On the evening of November 11, 2022, FTX experienced a great commotion. A report shed light on the harrowing moments that followed the massive security breach. After the announcement of the cryptocurrency exchange’s bankruptcy, it fell victim to an attack that siphoned off over $400 million from its coffers.
Desperate attempts to protect the remaining assets saw FTX co-founder Gary Wang resort to using Kumanan Ramanathan’s Ledger Nano to store around $400 to $500 million. Meanwhile, the FTX team anxiously awaited a response from BitGo regarding cold storage solutions, a strategy recommended by Zach Dexter of LedgerX. This substantial sum was then moved to BitGo the following day, where the funds eventually grew to approximately $1 billion of FTX’s remaining assets.
Unraveling the Chaos and Security Flaws
The scene on that night was frenzied. FTX personnel tirelessly tracked the stolen crypto wallets of the company, transferring any recovered amounts to BitGo’s more secure cold wallets. According to the report, much of the chaos stemmed from confusion regarding the locations of the private keys.
For each wallet, the FTX Group stored the three necessary private keys in one place, so anyone with access to any one of them had access to all the keys needed to transfer the wallet’s contents, which went against the purpose of controls.
John J. Ray.
The flawed security model of FTX, which utilized multisig wallets requiring multiple authorizations for transfers, was fundamentally problematic. As highlighted by FTX CEO John J. Ray in a court document, instead of dispersing the private keys, the FTX Group kept the three private keys required for transfers in the same location. This approach rendered the multisig model entirely ineffective, with Ray emphasizing the lack of ‘visibility’ controls to detect potential threats.

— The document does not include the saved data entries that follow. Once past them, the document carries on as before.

Lemma monomial_action_poly (b : R) (n m : nat) : (0 < n)%N ->
  (- 'X^(n.-1) * (- 'X^m)^`() + b%:P * (- 'X^(n.-1))^`() * - 'X^m) * ('X ^+ 2 - 4%:R%:P)
    + b%:P * - 'X^(n.-1) * - 'X^m * 'X
  = - (b * n%:R + m%:R)%:P * - 'X^(n + m)
    + (4 * (b * (n%:R - 1) + m%:R))%:P * - 'X^(n + m - 2).
Proof.
case: n => // n _ /=.
transitivity (('X^n * ('X^m)^`() + b%:P * ('X^m * ('X^n)^`())) * ('X ^+ 2 - 4%:R%:P)
              + b%:P * 'X^(n + m) * 'X); first by rewrite !derivN exprD; ring.
rewrite !mulXn_derivXn [(m + n)%N]addnC addSn.
case E: (n + m)%N => [|N] /=.
  have [-> ->] : n = 0%N /\ m = 0%N by lia.
  by rewrite !mulr0n; ring.
have -> : (N.+2 - 2 = N)%N by lia.
by rewrite !exprS; ring.
Qed.

End MonomialAction.

Section TensorDensities.
Variable K : fieldType.
Local Notation t := (tvar K).
Local Notation s := (sv K).

Fact sv_comm : commr_rmorph (@kc K) s.
Proof. by move=> c; apply: mulrC. Qed.
HB.instance Definition _ := GRing.RMorphism.copy (@evs K) (horner_morph sv_comm).

Lemma evsC (c : K) : evs c%:P = kc c.
Proof. by rewrite /evs map_polyC hornerC. Qed.

Lemma evsX : evs 'X = s.
Proof. by rewrite /evs map_polyX hornerX. Qed.

Lemma act_evs (b : K) (g h : {poly K}) :
  act b (evs g * (t ^+ 2 - 1)) (evs h) =
    evs ((g * h^`() + b%:P * g^`() * h) * ('X ^+ 2 - 4%:R%:P) + b%:P * g * h * 'X).
Proof. exact: (density_act_horner (@dtM K) (@dt_kc K) (@t_neq0 K) (@dt_t K)). Qed.

Lemma act_uw_vd (b : K) (n m : nat) : (1 <= n)%N ->
  act b (uw K n) (vd K m) =
    - kc (b * n%:R + m%:R) * vd K (n + m)
    + kc (4 * (b * (n%:R - 1) + m%:R)) * vd K (n + m - 2).
Proof.
move=> n_gt0.
have vdE k : vd K k = evs (- 'X^k) by rewrite /vd rmorphN rmorphXn /= evsX.
have -> : uw K n = evs (- 'X^(n.-1)) * (t ^+ 2 - 1).
  by rewrite /uw rmorphN rmorphXn /= evsX mulNr.
rewrite vdE act_evs monomial_action_poly // !vdE -!evsC.
by rewrite -(rmorphN (@evs K)) -!(rmorphM (@evs K)) -(rmorphD (@evs K)).
Qed.

End TensorDensities.

Section Spans.
Variable K : fieldType.
Local Notation RF := {fraction {poly K}}.
Local Notation t := (tvar K).
Local Notation s := (sv K).
Implicit Types (F : nat -> RF) (x y : RF).

Lemma inspan_ind F (P : RF -> Prop) :
  P 0 -> (forall x y, P x -> P y -> P (x + y)) -> (forall c x, P x -> P (kc c * x)) ->
  (forall i, P (F i)) -> forall x, inspan F x -> P x.
Proof.
move=> P0 PD PZ PF x [n [c ->]]; elim: n => [|n IHn]; first by rewrite big_ord0.
by rewrite big_ord_recr /=; apply: PD => //; apply: PZ.
Qed.

Lemma inspan0 F : inspan F 0.
Proof. by exists 0%N, (fun _ => 0); rewrite big_ord0. Qed.

Lemma inspanD F x y : inspan F x -> inspan F y -> inspan F (x + y).
Proof.
have widen n N (c : nat -> K) : (n <= N)%N ->
    \sum_(i < n) kc (c i) * F i = \sum_(i < N) kc (if (i < n)%N then c i else 0) * F i.
  move=> le_nN; rewrite (big_ord_widen N (fun i => kc (c i) * F i) le_nN) big_mkcond /=.
  by apply: eq_bigr => i _; case: ifP; rewrite ?rmorph0 ?mul0r.
move=> [n1 [a ->]] [n2 [c ->]].
exists (n1 + n2)%N, (fun i => (if (i < n1)%N then a i else 0) + (if (i < n2)%N then c i else 0)).
rewrite (widen n1 (n1 + n2)%N a (leq_addr n2 n1)) (widen n2 (n1 + n2)%N c (leq_addl n1 n2)).
by rewrite -big_split; apply: eq_bigr => i _; rewrite rmorphD mulrDl.
Qed.

Lemma inspanZ F c x : inspan F x -> inspan F (kc c * x).
Proof.
move=> [n [a ->]]; exists n, (fun i => c * a i); rewrite mulr_sumr.
by apply: eq_bigr => i _; rewrite rmorphM mulrA.
Qed.
Lemma Kreg_lt_add_single j u :
  x j 0 = 0 -> u != 0 -> ab u <= s -> Kr x < Kr (x + single j u).
Proof.
move=> xj0 u0 us; have [bt1 _ _] := gap_bounds j.
rewrite Kreg_add_single xj0 add0r ab0 (qenv0 (ltW mu_gt0)) subr0.
rewrite (qenv_below (ltW mu_gt0) us).
have := beta_sqr_le (ltW beta_gt0) (leq_trans (eq_leq (card_single j u0)) N_ge1).
rewrite nrm2sq_single mul_single nrm2sqZ => bt_col.
have u_gt0 := ab_gt0 u0; have gj := gap_coord0 xj0.
have re_ge := re_mul_cj_ge u (g j 0).
have ug : ab u * ab (g j 0) < ab u * (bt ^+ 2 * s) by rewrite ltr_pM2l.
have : 0 <= (1 - bt ^+ 2) * (ab u * (2 * s - ab u)).
  by apply: mulr_ge0; [rewrite subr_ge0 | apply: mulr_ge0; lra].
nra.
Qed.

Definition excess (y : 'cV[F]_n) j : R :=
  mu * ((y j 0 != 0)%:R - (x j 0 != 0)%:R)
  + 2 * re ((y j 0 - x j 0) * cj (g j 0)) + bt ^+ 2 * ab (y j 0 - x j 0) ^+ 2.

Lemma excess_gt0 (y : 'cV[F]_n) j : y j 0 != x j 0 -> 0 < excess y j.
Proof.
move=> yx; have [bt1 _ _] := gap_bounds j; rewrite /excess.
have s2 := sqr_sqrtr (ltW mu_gt0); have s_gt0 : 0 < s by rewrite sqrtr_gt0.
have bt2_gt0 : 0 < bt ^+ 2 by rewrite exprn_gt0.
have [xj0|xj0] := eqVneq (x j 0) 0.
  rewrite xj0 in yx *; rewrite !subr0 yx mulr1.
  have y_gt0 := ab_gt0 yx; have gj := gap_coord0 xj0.
  have := re_mul_cj_ge (y j 0) (g j 0).
  have : ab (y j 0) * ab (g j 0) < ab (y j 0) * (bt ^+ 2 * s) by rewrite ltr_pM2l.
  have := mulr_ge0 (ltW bt2_gt0) (sqr_ge0 (ab (y j 0) - s)).
  have : 0 <= (1 - bt ^+ 2) * s ^+ 2 by rewrite mulr_ge0 ?subr_ge0 ?sqr_ge0.
  nra.
have [gj0 xs] := gap_coord_neq0 xj0.
rewrite gj0 cj0 mulr0 re0 mulr0 addr0 /=.
have [->|yj0] := eqVneq (y j 0) 0; last first.
  by rewrite subrr mulr0 add0r mulr_gt0 // exprn_gt0 // ab_gt0 // subr_eq0.
rewrite /= !sub0r abN mulrN1.
move: xs; rewrite ltr_pdivrMr // => xs.
have : s ^+ 2 < (ab (x j 0) * bt ^+ 2) ^+ 2.
  by have := ltr_pM (ltW s_gt0) (ltW s_gt0) xs xs; nra.
have : (ab (x j 0) * bt ^+ 2) ^+ 2 <= bt ^+ 2 * ab (x j 0) ^+ 2.
  rewrite exprMn mulrC ler_wpM2r ?exprn_ge0 //.
  by rewrite expr2; nra.
nra.
Qed.

Lemma excess_ge0 (y : 'cV[F]_n) j : 0 <= excess y j.
Proof.
have [yx|yx] := eqVneq (y j 0) (x j 0); last exact/ltW/excess_gt0.
by rewrite /excess yx !subrr mulr0 mul0r re0 ab0 expr0n /= !mulr0 !addr0.
Qed.

Lemma sum_excess_le (y : 'cV[F]_n) : (Defs.card (y - x) <= N)%N ->
  \sum_j excess y j <= K y - K x.
Proof.
move=> yxN; have := beta_sqr_le (ltW beta_gt0) yxN.
have -> : K y = mu * (Defs.card y)%:R + (nsq (A *m x - b)
    + 2 * inner_re cj re (y - x) g + nsq (A *m (y - x))).
  by rewrite /Kfun sqr_nrm2 -nrm2sq_residualD [x + _]addrC subrK.
have -> : \sum_j excess y j =
    mu * ((Defs.card y)%:R - (Defs.card x)%:R)
    + 2 * inner_re cj re (y - x) g + bt ^+ 2 * nsq (y - x).
  rewrite !natr_card /inner_re /nrm2sq -sumrB !mulr_sumr -!big_split /=.
  by apply: eq_bigr => i _; rewrite /excess !mxE.
rewrite /Kfun sqr_nrm2; lra.
Qed.

Hypothesis budget :
  2 * mu * (Defs.card x)%:R + nrm2 ab (A *m x - b) ^+ 2 < mu * N%:R + mu.

Lemma card_addn_le_of_Kfun_le (y : 'cV[F]_n) : K y <= K x ->
  (Defs.card y + Defs.card x <= N)%N.
Proof.
rewrite /Kfun !sqr_nrm2 => Kyx; have := budget; rewrite sqr_nrm2 => bud.
have r_ge0 := nrm2sq_ge0 (A *m y - b).
suff : mu * (Defs.card y + Defs.card x)%:R < mu * N.+1%:R.
  by rewrite ltr_pM2l // ltr_nat ltnS.
rewrite natrD -addn1 natrD; nra.
Qed.

Lemma Kfun_unique_min : unique_global_minimizer K x.
Proof.
move=> y yx; rewrite ltNge; apply/negP => Kyx.
have yxN := leq_trans (card_sub_le x y) (card_addn_le_of_Kfun_le Kyx).
have [j yxj] : exists j, y j 0 != x j 0.
  apply/existsP; apply: contraNT yx; rewrite negb_exists => /forallP yx.
  by apply/eqP/matrixP => i l; rewrite ord1; apply/eqP; rewrite -[_ == _]negbK yx.
have : 0 < \sum_j excess y j.
  rewrite (bigD1 j) //= ltr_pwDl ?excess_gt0 //.
  by apply: sumr_ge0 => i _; exact: excess_ge0.
by have := sum_excess_le yxN; lra.
Qed.

Definition mid_coords (y : 'cV[F]_n) : {set 'I_n} :=
  [set i | 0 < ab (y i 0) < s].

Lemma Kreg_ge_of_mid_coords0 (y : 'cV[F]_n) : #|mid_coords y| = 0%N ->
  K x <= Kr y /\ (Kr y = K x -> y = x).
Proof.
move=> mid0; have -> : Kr y = K y.
  rewrite /Kreg /Kfun Q2card_eq_card // => i.
  have [->|yi0] := eqVneq (y i 0) 0; [by left | right].
  have : i \notin mid_coords y by rewrite (cards0_eq mid0) inE.
  by rewrite inE ab_gt0 //= -leNgt.
have [->|yx] := eqVneq y x; first by [].
have Kxy := Kfun_unique_min yx.
by split=> [|Kyx]; [exact: ltW | move: Kxy; rewrite Kyx ltxx].
Qed.

Lemma mid_coords_card_lt (y z : 'cV[F]_n) j : j \in mid_coords y ->
  z j 0 = 0 \/ ab (z j 0) = s -> (forall i, i != j -> z i 0 = y i 0) ->
  (#|mid_coords z| < #|mid_coords y|)%N.
Proof.
move=> jy zj zi; rewrite (cardsD1 j (mid_coords y)) jy add1n ltnS.
apply/subset_leq_card/fintype.subsetP => i; rewrite !inE.
have [->|ij] := eqVneq i j; last by rewrite zi.
by case: zj => ->; rewrite ?ab0 ltxx // andbF.
Qed.

(* [Kreg] is concave along the segment from [y_j = 0] to [|y_j| = sqrt mu],
   whose endpoints have fewer coordinates in [mid_coords]. *)
Lemma Kreg_ge_of_endpoints (y : 'cV[F]_n) j : j \in mid_coords y ->
  (forall z : 'cV[F]_n, z j 0 = 0 \/ ab (z j 0) = s ->
     (forall i, i != j -> z i 0 = y i 0) -> K x <= Kr z /\ (Kr z = K x -> z = x)) ->
  K x <= Kr y /\ (Kr y = K x -> y = x).
Proof.
move=> jy endpoints; move: (jy); rewrite inE => /andP[t_gt0 ts].
set u := y j 0 in t_gt0 ts; set t := ab u in t_gt0 ts.
have u0 : u != 0 by apply: contraTneq t_gt0 => u0; rewrite /t u0 ab0 ltxx.
set y0 := y - single j u.
have y0j : y0 j 0 = 0 by rewrite !mxE eqxx subrr.
have y0i i : i != j -> y0 i 0 = y i 0 by move=> /negbTE ij; rewrite !mxE ij subr0.
set l := s / t.
have l_gt1 : 1 < l by rewrite /l ltr_pdivlMr // mul1r.
have l_gt0 : 0 < l := lt_trans ltr01 l_gt1.
have ltE : l * t = s by rewrite /l divfK // gt_eqF.
set y1 := y0 + single j (emb l * u).
have y1j : ab (y1 j 0) = s.
  by rewrite mxE y0j add0r mxE eqxx abM ab_emb (ger0_norm (ltW l_gt0)) ltE.
have y1i i : i != j -> y1 i 0 = y i 0.
  by move=> ij; rewrite mxE y0i // mxE (negbTE ij) addr0.
have [Ky0 y0x] := endpoints y0 (or_introl y0j) y0i.
have [Ky1 _] := endpoints y1 (or_intror y1j) y1i.
have yE : y = y0 + single j (emb 1 * u) by rewrite emb1 mul1r /y0 subrK.
have t_le_s : 1 * t <= s by rewrite mul1r ltW.
have Kry := Kreg_ray A b (ltW mu_gt0) y0j ler01 t_le_s.
rewrite -yE expr1n !mul1r in Kry.
have lt_le_s : l * t <= s by rewrite ltE.
rewrite /y1 (Kreg_ray A b (ltW mu_gt0) y0j (ltW l_gt0) lt_le_s) in Ky1.
have Q_le0 : t ^+ 2 * nsq (col j A) - t ^+ 2 <= 0.
  by have := nrm2sq_col_le1 j A1; have := sqr_ge0 t; rewrite subr_le0; nra.
have [Ky KyE] := concave_quad_ge Q_le0 l_gt1 Ky0 Ky1.
rewrite -Kry in Ky KyE; split=> // Kyx.
have y0E := y0x (KyE Kyx).
have xj0 : x j 0 = 0 by rewrite -y0E.
have yxE : y = x + single j u by rewrite -y0E /y0 subrK.
have := Kreg_lt_add_single xj0 u0 (ltW ts).
by rewrite -yxE Kyx Kreg_eq_Kfun ltxx.
Qed.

The aftermath of the hack raised questions about the authenticity of claims, given the exchange’s bankruptcy status. But as clarity emerged, it became evident that a staggering amount of $500 million from both the international and US divisions had vanished. Following the breach, the wallet addresses involved remained dormant, only showing activity recently when the alleged hacker attempted to convert their ETH to Bitcoin via ThorSwap.